EXERCISE DESCRIPTION:
The answer must consist of every line in the data that contains "Prop".

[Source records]
* * * * *

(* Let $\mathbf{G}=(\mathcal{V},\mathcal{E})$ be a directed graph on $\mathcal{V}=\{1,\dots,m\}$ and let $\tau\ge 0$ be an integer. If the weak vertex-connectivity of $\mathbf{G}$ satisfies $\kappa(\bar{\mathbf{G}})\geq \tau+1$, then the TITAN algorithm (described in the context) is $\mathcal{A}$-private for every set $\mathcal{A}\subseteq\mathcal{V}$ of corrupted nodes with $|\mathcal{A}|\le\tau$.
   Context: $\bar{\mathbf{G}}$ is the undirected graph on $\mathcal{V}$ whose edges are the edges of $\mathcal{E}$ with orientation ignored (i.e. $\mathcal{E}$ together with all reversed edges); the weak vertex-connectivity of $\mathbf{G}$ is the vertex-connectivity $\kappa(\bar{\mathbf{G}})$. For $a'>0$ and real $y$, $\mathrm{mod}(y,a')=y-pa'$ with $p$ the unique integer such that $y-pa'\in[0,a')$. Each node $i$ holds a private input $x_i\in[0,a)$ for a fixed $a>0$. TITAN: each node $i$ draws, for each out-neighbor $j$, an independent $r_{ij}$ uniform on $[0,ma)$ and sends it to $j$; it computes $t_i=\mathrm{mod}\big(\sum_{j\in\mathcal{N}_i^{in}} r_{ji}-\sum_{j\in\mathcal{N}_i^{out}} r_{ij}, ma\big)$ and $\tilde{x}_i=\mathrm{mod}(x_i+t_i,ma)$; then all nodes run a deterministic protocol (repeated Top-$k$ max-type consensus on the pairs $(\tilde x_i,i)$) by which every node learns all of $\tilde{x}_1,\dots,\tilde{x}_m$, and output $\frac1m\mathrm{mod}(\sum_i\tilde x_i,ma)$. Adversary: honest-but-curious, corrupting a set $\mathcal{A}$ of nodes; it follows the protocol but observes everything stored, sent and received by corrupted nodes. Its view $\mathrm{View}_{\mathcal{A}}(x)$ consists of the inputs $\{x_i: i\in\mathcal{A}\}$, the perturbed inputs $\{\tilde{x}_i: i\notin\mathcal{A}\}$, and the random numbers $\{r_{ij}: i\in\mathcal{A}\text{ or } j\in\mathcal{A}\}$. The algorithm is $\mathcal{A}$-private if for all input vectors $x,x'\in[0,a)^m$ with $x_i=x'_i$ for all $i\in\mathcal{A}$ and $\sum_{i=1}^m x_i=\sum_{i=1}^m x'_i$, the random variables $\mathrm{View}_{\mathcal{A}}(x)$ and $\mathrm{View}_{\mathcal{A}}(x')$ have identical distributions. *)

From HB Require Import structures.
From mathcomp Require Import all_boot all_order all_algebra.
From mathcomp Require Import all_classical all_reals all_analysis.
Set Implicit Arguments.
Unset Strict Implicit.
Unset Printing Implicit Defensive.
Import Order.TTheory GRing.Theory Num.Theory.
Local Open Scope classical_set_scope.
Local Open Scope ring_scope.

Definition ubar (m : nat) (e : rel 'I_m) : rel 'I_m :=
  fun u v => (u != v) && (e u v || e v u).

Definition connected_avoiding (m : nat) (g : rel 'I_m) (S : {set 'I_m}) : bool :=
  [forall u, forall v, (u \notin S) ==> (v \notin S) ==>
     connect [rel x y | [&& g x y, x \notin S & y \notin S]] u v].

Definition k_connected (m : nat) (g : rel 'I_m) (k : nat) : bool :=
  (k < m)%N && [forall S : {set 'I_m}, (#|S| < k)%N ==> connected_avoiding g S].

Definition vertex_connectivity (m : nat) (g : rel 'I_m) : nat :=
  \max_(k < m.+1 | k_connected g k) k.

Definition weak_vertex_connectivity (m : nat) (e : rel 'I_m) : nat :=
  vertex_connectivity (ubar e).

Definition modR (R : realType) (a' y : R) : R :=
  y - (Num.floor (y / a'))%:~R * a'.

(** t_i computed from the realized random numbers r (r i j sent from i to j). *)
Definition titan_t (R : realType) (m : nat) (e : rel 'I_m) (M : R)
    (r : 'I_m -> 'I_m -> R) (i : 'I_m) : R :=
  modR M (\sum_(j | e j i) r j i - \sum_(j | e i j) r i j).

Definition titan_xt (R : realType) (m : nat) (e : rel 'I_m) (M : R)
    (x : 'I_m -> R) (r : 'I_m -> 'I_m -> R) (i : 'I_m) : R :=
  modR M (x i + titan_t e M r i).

* * * * *

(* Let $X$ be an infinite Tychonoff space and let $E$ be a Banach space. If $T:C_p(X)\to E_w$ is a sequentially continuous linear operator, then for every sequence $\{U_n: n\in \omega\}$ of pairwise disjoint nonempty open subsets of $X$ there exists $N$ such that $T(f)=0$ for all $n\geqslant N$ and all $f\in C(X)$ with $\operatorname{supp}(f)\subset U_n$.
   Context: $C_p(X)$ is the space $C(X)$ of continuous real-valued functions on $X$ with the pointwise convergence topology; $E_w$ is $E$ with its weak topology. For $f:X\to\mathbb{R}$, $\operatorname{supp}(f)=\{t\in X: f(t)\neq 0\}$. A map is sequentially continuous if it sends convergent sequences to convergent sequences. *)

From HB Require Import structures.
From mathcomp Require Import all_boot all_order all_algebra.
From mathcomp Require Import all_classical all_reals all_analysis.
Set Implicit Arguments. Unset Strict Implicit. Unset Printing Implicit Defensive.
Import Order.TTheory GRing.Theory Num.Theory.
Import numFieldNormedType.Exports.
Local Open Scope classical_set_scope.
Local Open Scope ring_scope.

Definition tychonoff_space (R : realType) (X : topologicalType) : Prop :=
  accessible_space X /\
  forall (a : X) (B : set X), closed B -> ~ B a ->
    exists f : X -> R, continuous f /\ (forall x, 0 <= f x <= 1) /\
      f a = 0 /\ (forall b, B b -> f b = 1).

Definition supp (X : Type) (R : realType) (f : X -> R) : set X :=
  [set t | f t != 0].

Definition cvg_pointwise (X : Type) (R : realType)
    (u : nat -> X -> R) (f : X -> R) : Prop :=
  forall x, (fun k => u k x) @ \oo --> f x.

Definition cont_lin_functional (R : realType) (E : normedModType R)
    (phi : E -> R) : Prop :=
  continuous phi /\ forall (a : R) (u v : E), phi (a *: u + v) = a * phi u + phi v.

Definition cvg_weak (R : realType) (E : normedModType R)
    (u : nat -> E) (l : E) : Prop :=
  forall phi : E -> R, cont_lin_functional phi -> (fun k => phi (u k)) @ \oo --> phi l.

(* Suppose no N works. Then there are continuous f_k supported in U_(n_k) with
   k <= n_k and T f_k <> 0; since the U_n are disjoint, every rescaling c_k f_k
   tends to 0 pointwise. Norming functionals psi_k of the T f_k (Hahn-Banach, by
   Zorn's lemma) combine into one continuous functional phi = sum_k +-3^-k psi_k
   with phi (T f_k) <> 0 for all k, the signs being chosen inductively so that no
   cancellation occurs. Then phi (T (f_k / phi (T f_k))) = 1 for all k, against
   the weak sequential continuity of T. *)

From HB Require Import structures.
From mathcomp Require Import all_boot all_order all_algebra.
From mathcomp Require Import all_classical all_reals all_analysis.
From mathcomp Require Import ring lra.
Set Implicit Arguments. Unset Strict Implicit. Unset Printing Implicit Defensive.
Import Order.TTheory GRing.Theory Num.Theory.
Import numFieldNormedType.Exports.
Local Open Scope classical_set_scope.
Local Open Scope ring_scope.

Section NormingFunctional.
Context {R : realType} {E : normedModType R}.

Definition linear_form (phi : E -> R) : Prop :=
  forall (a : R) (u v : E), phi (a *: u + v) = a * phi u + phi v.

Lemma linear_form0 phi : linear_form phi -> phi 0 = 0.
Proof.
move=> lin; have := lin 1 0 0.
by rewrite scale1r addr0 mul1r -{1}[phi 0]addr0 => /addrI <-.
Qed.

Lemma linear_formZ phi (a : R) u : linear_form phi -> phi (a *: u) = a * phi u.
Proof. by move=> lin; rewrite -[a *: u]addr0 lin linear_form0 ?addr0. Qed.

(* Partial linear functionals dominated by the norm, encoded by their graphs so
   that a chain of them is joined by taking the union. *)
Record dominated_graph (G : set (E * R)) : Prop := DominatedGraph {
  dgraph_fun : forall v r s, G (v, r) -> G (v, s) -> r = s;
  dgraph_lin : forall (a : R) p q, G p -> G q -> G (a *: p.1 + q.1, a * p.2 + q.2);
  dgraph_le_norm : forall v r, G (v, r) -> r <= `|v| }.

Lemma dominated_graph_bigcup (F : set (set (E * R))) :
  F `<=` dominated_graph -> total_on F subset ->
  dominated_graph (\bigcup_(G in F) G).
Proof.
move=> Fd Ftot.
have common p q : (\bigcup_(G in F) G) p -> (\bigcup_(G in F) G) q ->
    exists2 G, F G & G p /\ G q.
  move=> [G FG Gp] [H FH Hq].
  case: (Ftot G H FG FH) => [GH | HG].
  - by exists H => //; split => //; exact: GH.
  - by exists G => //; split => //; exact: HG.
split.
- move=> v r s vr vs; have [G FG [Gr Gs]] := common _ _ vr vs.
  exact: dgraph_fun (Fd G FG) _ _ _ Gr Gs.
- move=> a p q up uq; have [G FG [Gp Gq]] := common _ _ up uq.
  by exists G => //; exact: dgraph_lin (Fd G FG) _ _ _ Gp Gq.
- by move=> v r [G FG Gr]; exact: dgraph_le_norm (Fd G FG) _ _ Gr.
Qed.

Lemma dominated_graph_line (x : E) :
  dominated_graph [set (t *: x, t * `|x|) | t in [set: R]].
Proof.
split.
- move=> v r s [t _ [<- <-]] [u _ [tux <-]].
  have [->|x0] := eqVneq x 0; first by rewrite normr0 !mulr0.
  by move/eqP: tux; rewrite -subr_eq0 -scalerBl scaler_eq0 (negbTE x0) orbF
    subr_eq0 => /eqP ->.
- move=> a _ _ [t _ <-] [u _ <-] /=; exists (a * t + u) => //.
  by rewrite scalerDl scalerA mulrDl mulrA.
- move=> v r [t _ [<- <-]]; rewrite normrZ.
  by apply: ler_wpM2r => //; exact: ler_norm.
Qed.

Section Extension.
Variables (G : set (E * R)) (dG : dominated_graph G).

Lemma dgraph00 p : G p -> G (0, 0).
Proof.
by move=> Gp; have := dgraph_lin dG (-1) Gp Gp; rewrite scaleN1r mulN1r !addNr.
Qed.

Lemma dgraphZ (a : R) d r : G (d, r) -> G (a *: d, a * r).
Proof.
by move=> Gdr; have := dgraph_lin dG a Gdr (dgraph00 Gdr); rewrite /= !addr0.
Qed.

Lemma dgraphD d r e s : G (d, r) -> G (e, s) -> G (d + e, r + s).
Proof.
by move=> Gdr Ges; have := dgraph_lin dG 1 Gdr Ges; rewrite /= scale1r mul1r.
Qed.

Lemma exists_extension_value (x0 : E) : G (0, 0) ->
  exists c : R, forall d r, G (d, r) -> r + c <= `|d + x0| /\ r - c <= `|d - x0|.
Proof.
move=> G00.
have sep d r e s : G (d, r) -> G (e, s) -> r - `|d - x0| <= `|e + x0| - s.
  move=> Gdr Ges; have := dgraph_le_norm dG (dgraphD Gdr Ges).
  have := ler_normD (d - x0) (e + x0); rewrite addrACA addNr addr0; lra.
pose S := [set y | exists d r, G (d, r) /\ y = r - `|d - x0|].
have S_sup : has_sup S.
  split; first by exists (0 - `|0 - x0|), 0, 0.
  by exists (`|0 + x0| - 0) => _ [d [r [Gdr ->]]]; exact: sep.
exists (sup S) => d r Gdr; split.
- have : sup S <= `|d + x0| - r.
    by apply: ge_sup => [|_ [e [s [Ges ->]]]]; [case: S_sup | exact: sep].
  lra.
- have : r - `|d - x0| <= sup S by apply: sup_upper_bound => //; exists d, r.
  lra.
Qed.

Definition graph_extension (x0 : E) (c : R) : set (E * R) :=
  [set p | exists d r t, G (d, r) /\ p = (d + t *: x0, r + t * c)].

* * * * *

EXPECTED OUTPUT:
Definition tychonoff_space (R : realType) (X : topologicalType) : Prop :=
    (u : nat -> X -> R) (f : X -> R) : Prop :=
    (phi : E -> R) : Prop :=
    (u : nat -> E) (l : E) : Prop :=
Definition linear_form (phi : E -> R) : Prop :=
Record dominated_graph (G : set (E * R)) : Prop := DominatedGraph {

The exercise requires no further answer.